Sie sei trotz des Ruhmes ihrer Söhne so bodenständig geblieben. Ein Ring aus einem Kaugummiautomaten hätte ihr genauso viel Freude gemacht wie der teure Schmuck, den man ihr umgehängt habe - wichtig sei nur gewesen, dass es ein Geschenk ihrer Söhne gewesen sei.

Völlig zurückgezogen gelebt

Nach dem Bau der neuen Kartbahn in Kerpen-Sindorf habe sie zunächst den Verkauf von Fan-Artikeln betreut. Damit habe sie jedoch vor vier Jahren aufgehört und sich völlig nach Manheim zurückgezogen.

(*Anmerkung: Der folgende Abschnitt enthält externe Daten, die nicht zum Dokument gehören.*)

(* Let $q\geq 3$ and $n\ge 2$. The graph with vertex set $\mathcal{HGL}_n(\mathbb{F}_{q^2})$, in which $A,B$ are joined by an edge iff $\operatorname{rank}(A-B)=1$, is connected.
   Context: $\mathbb{F}_{q^2}$ is the field with $q^2$ elements with involution $\bar x=x^q$; $X^\ast=\bar X^\top$; $A$ is hermitian if $A^\ast=A$; $\mathcal{HGL}_n(\mathbb{F}_{q^2})$ is the set of invertible $n\times n$ hermitian matrices over $\mathbb{F}_{q^2}$. *)

From mathcomp Require Import all_boot all_algebra all_field.
Set Implicit Arguments. Unset Strict Implicit. Unset Printing Implicit Defensive.
Import GRing.Theory.
Local Open Scope ring_scope.

(* F plays the role of F_{q^2}; the involution is x |-> x^q. *)
Definition qbar (F : finFieldType) (q : nat) (x : F) : F := x ^+ q.

Definition hstar (F : finFieldType) (q n : nat) (A : 'M[F]_n) : 'M[F]_n :=
  (map_mx (qbar q) A)^T.

Definition hermitian (F : finFieldType) (q n : nat) (A : 'M[F]_n) : bool :=
  hstar q A == A.

Definition HGL (F : finFieldType) (q n : nat) (A : 'M[F]_n) : bool :=
  hermitian q A && (A \in unitmx).

Definition hgl_edge (F : finFieldType) (q n : nat) : rel 'M[F]_n :=
  fun A B => [&& HGL q A, HGL q B & \rank (A - B) == 1%N].

(* Every hermitian matrix is a sum of dyads [a w w^*] with [a] real (i.e. [a^q = a]),
   and a nonzero dyad has rank one, so one would like to walk from [A] to [B] by adding
   the dyads of [B - A] one at a time.  The intermediate matrices may be singular; to
   avoid this, the dyad [M] is first added with a real weight [t] and the remaining
   weight [1 - t] is added after the other dyads.  By the matrix determinant lemma
   [det (X + t M)] is affine in [t], so each of the two invertibility constraints on [t]
   excludes at most one value, and [q >= 3] supplies a third real value besides [0] and [1]. *)

From mathcomp Require Import all_boot all_algebra all_field zify.
(* Imported after mathcomp, so that [hermitian] is Defs.hermitian rather than the
   sesquilinear-form notion of mathcomp. *)
From Pilot Require Import Defs.

Set Implicit Arguments. Unset Strict Implicit. Unset Printing Implicit Defensive.
Import GRing.Theory.
Local Open Scope ring_scope.

Lemma exists_unit_not_root_unity (F : finFieldType) (m : nat) :
  (0 < m)%N -> (m.+1 < #|F|)%N -> exists x : F, x != 0 /\ x ^+ m != 1.
Proof.
move=> m_gt0 lt_m_F.
have [x /andP[x0 xm] | all_roots] := pickP (fun x : F => (x != 0) && (x ^+ m != 1)).
  by exists x.
have Xm1_neq0 : 'X^m - 1 != 0 :> {poly F} by rewrite -size_poly_eq0 size_XnsubC.
have := max_poly_roots Xm1_neq0 _ (enum_uniq (predC1 (0 : F))).
rewrite size_XnsubC // -cardE cardC1.
suff -> : all (root ('X^m - 1)) (enum (predC1 (0 : F))).
  by move=> /(_ isT); rewrite ltnS -subn1 leq_subLR add1n leqNgt lt_m_F.
apply/allP => y; rewrite mem_enum inE => y0.
by move: (all_roots y); rewrite y0 /= => /negbFE; rewrite rootE !hornerE subr_eq0.
Qed.

Lemma sum_ord_pairs (V : nmodType) n (f : 'I_n -> 'I_n -> V) :
  \sum_i \sum_j f i j = \sum_i \sum_j ((f i j + f j i) *+ (i < j) + f i j *+ (i == j)).
Proof.
under [RHS]eq_bigr do rewrite big_split /= (eq_bigr _ (fun j _ => mulrnDl _ _ _)) big_split /=.
rewrite !big_split /= [X in _ + X + _]exchange_big -!big_split /=.
apply: eq_bigr => i _; rewrite -!big_split; apply: eq_bigr => j _ /=.
by rewrite -val_eqE /=; case: ltngtP => [||/val_inj->]; rewrite ?mulr0n ?mulr1n ?addr0 ?add0r.
Qed.

Lemma det1Dmulmx (R : comUnitRingType) n (u : 'cV[R]_n) (v : 'rV[R]_n) :
  \det (1%:M + u *m v) = 1 + (v *m u) 0 0.
Proof.
pose L := block_mx 1%:M 0 v (1%:M : 'M[R]_1).
pose Rinv := block_mx 1%:M 0 (- v) (1%:M : 'M[R]_1).
have block_eq : L *m block_mx (1%:M + u *m v) u 0 1%:M *m Rinv
              = block_mx 1%:M u 0 (1%:M + v *m u).
  rewrite /L /Rinv !mulmx_block !mul1mx !mulmx1 !mul0mx !mulmx0 !add0r !addr0.
  congr block_mx; last exact: addrC.
  - by rewrite mulmxN addrK.
  - by rewrite mulmxDr mulmxDl !mulmxN !mulmx1 !mul1mx mulmxA addrA addrK subrr.
have := congr1 determinant block_eq.
rewrite !det_mulmx /L /Rinv !(det_lblock, det_ublock) !det1 !mul1r !mulr1 => ->.
by rewrite det_mx11 !mxE.
Qed.

Lemma det_addmx_scale_rank1 (R : comUnitRingType) n (X : 'M[R]_n) (u : 'cV_n) (v : 'rV_n) t :
  X \in unitmx -> \det (X + t *: (u *m v)) = \det X * (1 + t * (v *m invmx X *m u) 0 0).
Proof.
move=> uX; have -> : X + t *: (u *m v) = X *m (1%:M + (t *: invmx X *m u) *m v).
  by rewrite mulmxDr mulmx1 -!scalemxAl -scalemxAr !mulmxA mulmxV // mul1mx.
by rewrite det_mulmx det1Dmulmx -scalemxAl -scalemxAr mxE mulmxA.
Qed.

Section Conjugation.
Variables (F : finFieldType) (q : nat).
Hypothesis cardF : #|F| = (q ^ 2)%N.

Lemma q_gt0 : (0 < q)%N.
Proof. by rewrite -(ltn_exp2r 0 _ (isT : 0 < 2)%N) exp0n // -cardF; apply/card_gt0P; exists 0. Qed.

Lemma pchar_nat_q : [pchar F].-nat q.
Proof.
have [p p_pr pcharFp] := finPcharP F.
have p_nat_q : p.-nat q.
  apply: (@pnat_dvd _ (q ^ 2)); first exact: dvdn_exp.
  by rewrite -cardF (card_pprimeChar pcharFp) pnatX pnat_id ?orbT.
by apply: sub_in_pnat p_nat_q => r _; rewrite inE => /eqP ->.
Qed.

Lemma qbarD (x y : F) : qbar q (x + y) = qbar q x + qbar q y.
Proof. exact: exprDn_pchar pchar_nat_q. Qed.

Lemma qbar0 : qbar q (0 : F) = 0.
Proof. by rewrite /qbar expr0n eqn0Ngt q_gt0. Qed.

Lemma qbar1 : qbar q (1 : F) = 1.
Proof. exact: expr1n. Qed.

Lemma qbarN (x : F) : qbar q (- x) = - qbar q x.
Proof. by apply/eqP; rewrite -subr_eq0 opprK -qbarD addNr qbar0. Qed.

Lemma qbarM (x y : F) : qbar q (x * y) = qbar q x * qbar q y.
Proof. exact: exprMn. Qed.

Lemma qbarK : involutive (@qbar F q).
Proof. by move=> x; rewrite /qbar -exprM -(expnSr q 1) -cardF expf_card. Qed.

Lemma exists_real_neq01 : (3 <= q)%N -> exists r : F, [/\ qbar q r = r, r != 0 & r != 1].
Proof.
move=> q_ge3; have [|x [x_neq0 Nx_neq1]] := @exists_unit_not_root_unity F q.+1 isT.
  by rewrite cardF; nia.
exists (x ^+ q.+1); split; rewrite ?expf_neq0 //.
by rewrite /qbar -exprM mulSn exprD -(expnSr q 1) -cardF expf_card exprS mulrC.
Qed.

Section Dyads.
Variable n : nat.

Definition cstar (w : 'cV[F]_n) : 'rV[F]_n := (map_mx (qbar q) w)^T.

Definition hdyad (M : 'M[F]_n) :=
  exists a w, qbar q a = a /\ M = a *: (w *m cstar w).

Definition hdyad_sum (H : 'M[F]_n) :=
  exists Ms : seq 'M_n, {in Ms, forall M, hdyad M} /\ H = \sum_(M <- Ms) M.

Lemma hermitianP (A : 'M[F]_n) :
  reflect (forall i j, qbar q (A j i) = A i j) (hermitian q A).
Proof.
apply: (iffP eqP) => [hA i j | hA]; first by rewrite -{2}hA /hstar !mxE.
by apply/matrixP => i j; rewrite /hstar !mxE.
Qed.

Lemma hermitianD (A B : 'M[F]_n) :
  hermitian q A -> hermitian q B -> hermitian q (A + B).
Proof.
by move=> /hermitianP hA /hermitianP hB; apply/hermitianP => i j; rewrite !mxE qbarD ?hA ?hB.
Qed.

Lemma hermitianN (A : 'M[F]_n) : hermitian q A -> hermitian q (- A).
Proof. by move=> /hermitianP hA; apply/hermitianP => i j; rewrite !mxE qbarN ?hA. Qed.

Lemma cstarD (u v : 'cV[F]_n) : cstar (u + v) = cstar u + cstar v.
Proof. by apply/matrixP => r s; rewrite !mxE qbarD. Qed.

Lemma cstarZ a (u : 'cV[F]_n) : cstar (a *: u) = qbar q a *: cstar u.
Proof. by apply/matrixP => r s; rewrite !mxE qbarM. Qed.

Lemma cstar_delta (i : 'I_n) : cstar (delta_mx i 0) = delta_mx 0 i.
Proof. by apply/matrixP => r s; rewrite !mxE andbC; case: (_ && _); rewrite ?qbar0 ?qbar1. Qed.

Lemma hdyad_hermitian (M : 'M[F]_n) : hdyad M -> hermitian q M.
Proof.
move=> [a [w [ha ->]]]; apply/hermitianP => i j.
by rewrite !mxE !big_ord1 !mxE !qbarM ha qbarK [qbar q _ * _]mulrC.
Qed.

Lemma hdyadZ t (M : 'M[F]_n) : qbar q t = t -> hdyad M -> hdyad (t *: M).
Proof. by move=> ht [a [w [ha ->]]]; exists (t * a), w; rewrite qbarM ht ha scalerA. Qed.

Lemma rank_hdyad (M : 'M[F]_n) : hdyad M -> M != 0 -> \rank M = 1%N.
Proof.
move=> [a [w [_ defM]]] M_neq0; apply/eqP; rewrite eqn_leq lt0n mxrank_eq0 M_neq0 andbT defM.
apply: leq_trans (mxrank_scale _ _) _; apply: leq_trans (mxrankM_maxl _ _) _.
exact: rank_leq_col.
Qed.

Lemma hdyad_sum0 : hdyad_sum 0.
Proof. by exists [::]; rewrite big_nil. Qed.

Lemma hdyad_sumD (H1 H2 : 'M[F]_n) : hdyad_sum H1 -> hdyad_sum H2 -> hdyad_sum (H1 + H2).
Proof.
move=> [Ms1 [dMs1 ->]] [Ms2 [dMs2 ->]]; exists (Ms1 ++ Ms2); rewrite big_cat.
by split=> // M; rewrite mem_cat => /orP[/dMs1|/dMs2].
Qed.

Lemma hdyad_sumMn (H : 'M[F]_n) k : hdyad_sum H -> hdyad_sum (H *+ k).
Proof.
by move=> dH; elim: k => [|k IHk]; rewrite ?mulrS; [apply: hdyad_sum0 | apply: hdyad_sumD].
Qed.

Lemma hdyad_sum_hdyad (M : 'M[F]_n) : hdyad M -> hdyad_sum M.
Proof. by move=> dM; exists [:: M]; rewrite big_seq1; split=> // M'; rewrite inE => /eqP->. Qed.

Lemma hdyad_sum_diag a (i : 'I_n) : qbar q a = a -> hdyad_sum (a *: delta_mx i i).
Proof.
by move=> ha; apply: hdyad_sum_hdyad; exists a, (delta_mx i 0); rewrite cstar_delta mul_delta_mx.
Qed.

(* [h E_ij + conj h E_ji] is [w w^*] minus two diagonal dyads, where [w = e_i + conj h e_j]. *)
Lemma hdyad_sum_offdiag h (i j : 'I_n) :
  hdyad_sum (h *: delta_mx i j + qbar q h *: delta_mx j i).
Proof.
set c := qbar q h; pose w := delta_mx i 0 + c *: delta_mx j 0 : 'cV[F]_n.
have ww : w *m cstar w = delta_mx i i + h *: delta_mx i j + c *: delta_mx j i
                         + (c * h) *: delta_mx j j.
  rewrite /w cstarD cstarZ !cstar_delta /c qbarK mulmxDl !mulmxDr.
  by rewrite -!scalemxAl -!scalemxAr !mul_delta_mx scalerA !addrA.
have -> : h *: delta_mx i j + c *: delta_mx j i =
          w *m cstar w - delta_mx i i - (c * h) *: delta_mx j j.
  by rewrite ww addrAC addrK -addrA addrC addrA subrK addrC.
have real_Nh : qbar q (c * h) = c * h by rewrite qbarM qbarK mulrC.
rewrite -[w *m _]scale1r -scaleN1r -scaleNr.
apply: hdyad_sumD; first apply: hdyad_sumD.
- by apply: hdyad_sum_hdyad; exists 1, w; rewrite qbar1.
- by apply: hdyad_sum_diag; rewrite qbarN qbar1.
- by apply: hdyad_sum_diag; rewrite qbarN real_Nh.
Qed.

Lemma hermitian_hdyad_sum (H : 'M[F]_n) : hermitian q H -> hdyad_sum H.
Proof.
move=> /hermitianP hH; rewrite [H]matrix_sum_delta sum_ord_pairs.
apply: big_ind => [|? ?|i _]; [exact: hdyad_sum0 | exact: hdyad_sumD |].
apply: big_ind => [|? ?|j _]; [exact: hdyad_sum0 | exact: hdyad_sumD |].
apply: hdyad_sumD; first by apply: hdyad_sumMn; rewrite -(hH j i); apply: hdyad_sum_offdiag.
have [<-|_] := eqVneq i j; last exact: hdyad_sum0.
by apply: hdyad_sum_diag; apply: hH.
Qed.

Lemma connect_hgl_hdyad (X M : 'M[F]_n) :
  HGL q X -> HGL q (X + M) -> hdyad M -> connect (@hgl_edge F q n) X (X + M).
Proof.
move=> hX hXM dM; have [->|M_neq0] := eqVneq M 0; first by rewrite addr0 connect0.
by apply: connect1; rewrite /hgl_edge hX hXM opprD addNKr mxrank_opp rank_hdyad.
Qed.

Lemma exists_real_avoid_affine (c c' : F) : (3 <= q)%N ->
  exists t, [/\ qbar q t = t, 1 + t * c != 0 & 1 + (t - 1) * c' != 0].
Proof.
move=> q_ge3; have [c'_eq1|c'_neq1] := eqVneq c' 1; last first.
  by exists 0; split; rewrite ?qbar0 ?mul0r ?addr0 ?oner_neq0 // sub0r mulN1r subr_eq0 eq_sym.
have [c_eqN1|c_neqN1] := eqVneq c (-1); last first.
  exists 1; split; rewrite ?qbar1 ?subrr ?mul0r ?addr0 ?oner_neq0 //.
  by rewrite mul1r addrC addr_eq0.
have [r [rr r_neq0 r_neq1]] := exists_real_neq01 q_ge3.
exists r; split; rewrite // ?c_eqN1 ?c'_eq1.
  by rewrite mulrN1 subr_eq0 eq_sym.
by rewrite mulr1 addrC subrK.
Qed.

Lemma exists_real_unit_shift (X Z M : 'M[F]_n) : (3 <= q)%N ->
  X \in unitmx -> Z + M \in unitmx -> hdyad M ->
  exists t, [/\ qbar q t = t, X + t *: M \in unitmx & Z + t *: M \in unitmx].
Proof.
move=> q_ge3 uX uZM [a [w [_ defM]]].
have defZ t : Z + t *: M = Z + M + (t - 1) *: M.
  by rewrite -addrA -[X in _ + (X + _)]scale1r -scalerDl [1 + _]addrC subrK.
have [t [rt ct c't]] := exists_real_avoid_affine
  ((cstar w *m invmx X *m (a *: w)) 0 0) ((cstar w *m invmx (Z + M) *m (a *: w)) 0 0) q_ge3.
move: uX uZM; rewrite !unitmxE !unitfE => detX detZM.
exists t; split=> //; rewrite ?defZ unitmxE unitfE.
- by rewrite defM scalemxAl det_addmx_scale_rank1 ?mulf_neq0 // unitmxE unitfE.
- by rewrite {2}defM scalemxAl det_addmx_scale_rank1 ?mulf_neq0 // unitmxE unitfE.
Qed.

Lemma connect_hgl_hdyad_sum (H X : 'M[F]_n) : (3 <= q)%N ->
  hdyad_sum H -> HGL q X -> HGL q (X + H) -> connect (@hgl_edge F q n) X (X + H).
Proof.
move=> q_ge3 [Ms [dMs ->]]; elim: Ms dMs X => [|M Ms IHMs] dMs X hX.
  by rewrite big_nil addr0 connect0.
rewrite big_cons; set S := \sum_(M' <- Ms) M'; rewrite [M + S]addrC addrA => hY.
have dM : hdyad M by apply: dMs; rewrite mem_head.
have {}dMs : {in Ms, forall M, hdyad M} by move=> M' M'_Ms; apply: dMs; rewrite inE M'_Ms orbT.
have [t [rt uX' uY']] := exists_real_unit_shift q_ge3 (andP hX).2 (andP hY).2 dM.
have rt' : qbar q (1 - t) = 1 - t by rewrite qbarD qbarN qbar1 rt.
have herm_M t' : qbar q t' = t' -> hermitian q (t' *: M).
  by move=> rt''; apply/hdyad_hermitian/hdyadZ.
have herm_XS : hermitian q (X + S).
  rewrite -(addrK M (X + S)) hermitianD ?hermitianN ?(andP hY).1 //.
  by rewrite -[M]scale1r herm_M ?qbar1.
have hX' : HGL q (X + t *: M) by rewrite /HGL uX' hermitianD ?(andP hX).1 ?herm_M.
have hY' : HGL q (X + t *: M + S) by rewrite addrAC /HGL uY' hermitianD ?herm_M.
apply: connect_trans (connect_hgl_hdyad hX hX' (hdyadZ rt dM)) _.
apply: connect_trans (IHMs dMs _ hX' hY') _.
have defXSM : X + S + t *: M + (1 - t) *: M = X + S + M.
  by rewrite -addrA -scalerDl [t + _]addrC subrK scale1r.
rewrite -/S [X + t *: M + S]addrAC -defXSM.
by apply: connect_hgl_hdyad; [rewrite addrAC | rewrite defXSM | exact: hdyadZ rt' dM].
Qed.

End Dyads.

End Conjugation.

Theorem lemma2p5 (F : finFieldType) (q n : nat) :
  #|F| = (q ^ 2)%N -> (3 <= q)%N -> (2 <= n)%N ->
  forall A B : 'M[F]_n, HGL q A -> HGL q B -> connect (@hgl_edge F q n) A B.
Proof.
move=> cardF q_ge3 _ A B hA hB.
have hBA : hermitian q (B - A) by rewrite hermitianD ?hermitianN ?(andP hA).1 ?(andP hB).1.
have defB : B = A + (B - A) by rewrite addrC subrK.
rewrite defB; apply: (connect_hgl_hdyad_sum cardF q_ge3 (hermitian_hdyad_sum cardF hBA)) => //.
by rewrite -defB.
Qed.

Nach Hürth soll sie gelegentlich noch gefahren sein, ihrem Geburtsort. Das zumindest erzählt Agathe Scheuer, die 80 Jahre alte Mutter von Elisabeth Schumacher, die in Alt-Hürth lebt. „Sie hat mich vor 14 Tagen noch besucht“, erzählt sie weinend. Ihre Stimme wirkt brüchig. Der Verlust der Tochter treffe sie hart. Hart treffe sie allerdings auch der Umstand, dass sie aus den Medien vom Tod ihrer Tochter erfahren mussten. „Warum haben mich Michael oder Ralf nicht angerufen?“, fragt sie sich. Wo Elisabeth Schumacher beerdigt werden soll, auch darüber hat sie keine Informationen. „Da geh ich nicht hin. Aber ich hoffe, dass Elisabeth ihre Ruhe findet“, sagt sie mit tränenerstickter Stimme.

In Manheim gedachte man ihrer gestern während des Ostergottesdienstes, berichtet Loni Lamberts, Ortsvorsteherin in dem Kerpener Stadtteil.

Derweil hatte man an der Michael-Schumacher-Kartbahn in Sindorf halbmast geflaggt. Mit Tränen in den Augen erzählte Gert Brandes, Präsident des Kartclubs, von seiner 23-jährigen Freundschaft zu Elisabeth Schumacher und von der Lebensfreude, die in ihr gesteckt habe.